TASK GOAL —
Copy verbatim the block of lines in the entries below whose first line contains "clopen_upset e S -> clopen_upset e T -> clopen_upset e (meetS" and whose last line contains "apply/clopen_upsetP; first by". Leave out all other lines.

DATA SECTION —
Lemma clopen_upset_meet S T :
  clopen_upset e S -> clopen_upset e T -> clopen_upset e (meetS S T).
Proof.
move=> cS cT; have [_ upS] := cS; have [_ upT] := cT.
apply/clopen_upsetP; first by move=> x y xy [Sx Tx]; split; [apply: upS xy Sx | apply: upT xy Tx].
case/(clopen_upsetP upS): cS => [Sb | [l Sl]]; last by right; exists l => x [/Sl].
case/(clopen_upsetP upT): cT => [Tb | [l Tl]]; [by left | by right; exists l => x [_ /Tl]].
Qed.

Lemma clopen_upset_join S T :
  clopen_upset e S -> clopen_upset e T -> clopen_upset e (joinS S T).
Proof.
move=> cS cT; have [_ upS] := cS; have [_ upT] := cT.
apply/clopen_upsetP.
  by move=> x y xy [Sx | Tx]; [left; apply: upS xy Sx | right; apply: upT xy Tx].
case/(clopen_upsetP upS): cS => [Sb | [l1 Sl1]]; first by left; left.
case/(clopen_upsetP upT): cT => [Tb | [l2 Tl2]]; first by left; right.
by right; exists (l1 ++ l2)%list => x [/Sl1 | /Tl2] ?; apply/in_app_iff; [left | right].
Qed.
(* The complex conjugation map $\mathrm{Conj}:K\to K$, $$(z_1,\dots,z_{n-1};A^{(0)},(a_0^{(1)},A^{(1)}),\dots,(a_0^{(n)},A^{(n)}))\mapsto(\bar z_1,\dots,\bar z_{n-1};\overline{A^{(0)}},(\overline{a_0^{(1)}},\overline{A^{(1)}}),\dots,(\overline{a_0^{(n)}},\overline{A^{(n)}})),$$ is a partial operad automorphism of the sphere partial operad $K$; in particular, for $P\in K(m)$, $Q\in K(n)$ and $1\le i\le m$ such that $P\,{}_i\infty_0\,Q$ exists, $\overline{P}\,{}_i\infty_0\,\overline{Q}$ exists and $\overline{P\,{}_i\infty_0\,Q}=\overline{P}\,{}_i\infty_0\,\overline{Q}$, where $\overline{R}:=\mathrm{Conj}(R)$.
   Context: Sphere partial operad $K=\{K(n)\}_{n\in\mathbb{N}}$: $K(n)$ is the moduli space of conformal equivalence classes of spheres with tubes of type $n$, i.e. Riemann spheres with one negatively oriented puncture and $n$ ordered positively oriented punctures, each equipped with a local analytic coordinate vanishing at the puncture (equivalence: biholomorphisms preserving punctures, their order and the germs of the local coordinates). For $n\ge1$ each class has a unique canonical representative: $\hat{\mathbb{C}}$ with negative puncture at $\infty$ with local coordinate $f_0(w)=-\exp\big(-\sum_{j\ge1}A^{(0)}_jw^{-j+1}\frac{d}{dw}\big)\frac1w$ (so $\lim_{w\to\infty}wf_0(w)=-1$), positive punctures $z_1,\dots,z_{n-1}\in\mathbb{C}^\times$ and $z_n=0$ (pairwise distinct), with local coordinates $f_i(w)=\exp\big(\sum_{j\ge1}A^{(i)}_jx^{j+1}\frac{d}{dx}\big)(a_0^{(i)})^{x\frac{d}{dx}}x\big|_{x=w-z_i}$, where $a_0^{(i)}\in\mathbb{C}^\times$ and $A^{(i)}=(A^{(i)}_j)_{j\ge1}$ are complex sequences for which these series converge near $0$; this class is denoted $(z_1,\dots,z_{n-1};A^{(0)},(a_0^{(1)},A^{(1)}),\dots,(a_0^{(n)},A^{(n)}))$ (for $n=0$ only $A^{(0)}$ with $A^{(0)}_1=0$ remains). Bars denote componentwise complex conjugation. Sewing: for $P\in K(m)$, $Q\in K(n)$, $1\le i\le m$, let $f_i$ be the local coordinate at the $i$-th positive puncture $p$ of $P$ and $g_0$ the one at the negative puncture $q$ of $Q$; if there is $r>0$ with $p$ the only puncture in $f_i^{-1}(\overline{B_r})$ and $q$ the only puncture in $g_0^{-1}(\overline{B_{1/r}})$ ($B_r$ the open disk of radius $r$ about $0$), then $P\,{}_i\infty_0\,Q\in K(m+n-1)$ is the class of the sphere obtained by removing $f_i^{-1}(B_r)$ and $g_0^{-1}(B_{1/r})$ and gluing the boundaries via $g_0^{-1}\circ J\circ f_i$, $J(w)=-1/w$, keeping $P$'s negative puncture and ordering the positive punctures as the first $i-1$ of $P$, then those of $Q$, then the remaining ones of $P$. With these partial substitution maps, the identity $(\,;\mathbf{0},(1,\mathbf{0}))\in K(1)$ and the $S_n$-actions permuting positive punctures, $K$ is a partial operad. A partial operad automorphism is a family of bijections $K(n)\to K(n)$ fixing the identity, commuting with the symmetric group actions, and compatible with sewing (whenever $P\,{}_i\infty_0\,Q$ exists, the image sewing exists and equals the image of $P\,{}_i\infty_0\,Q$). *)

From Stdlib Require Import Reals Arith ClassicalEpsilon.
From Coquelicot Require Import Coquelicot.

RESPONSE AREA —
  clopen_upset e S -> clopen_upset e T -> clopen_upset e (meetS S T).
Proof.
move=> cS cT; have [_ upS] := cS; have [_ upT] := cT.
apply/clopen_upsetP; first by move=> x y xy [Sx Tx]; split; [apply: upS xy Sx | apply: upT xy Tx].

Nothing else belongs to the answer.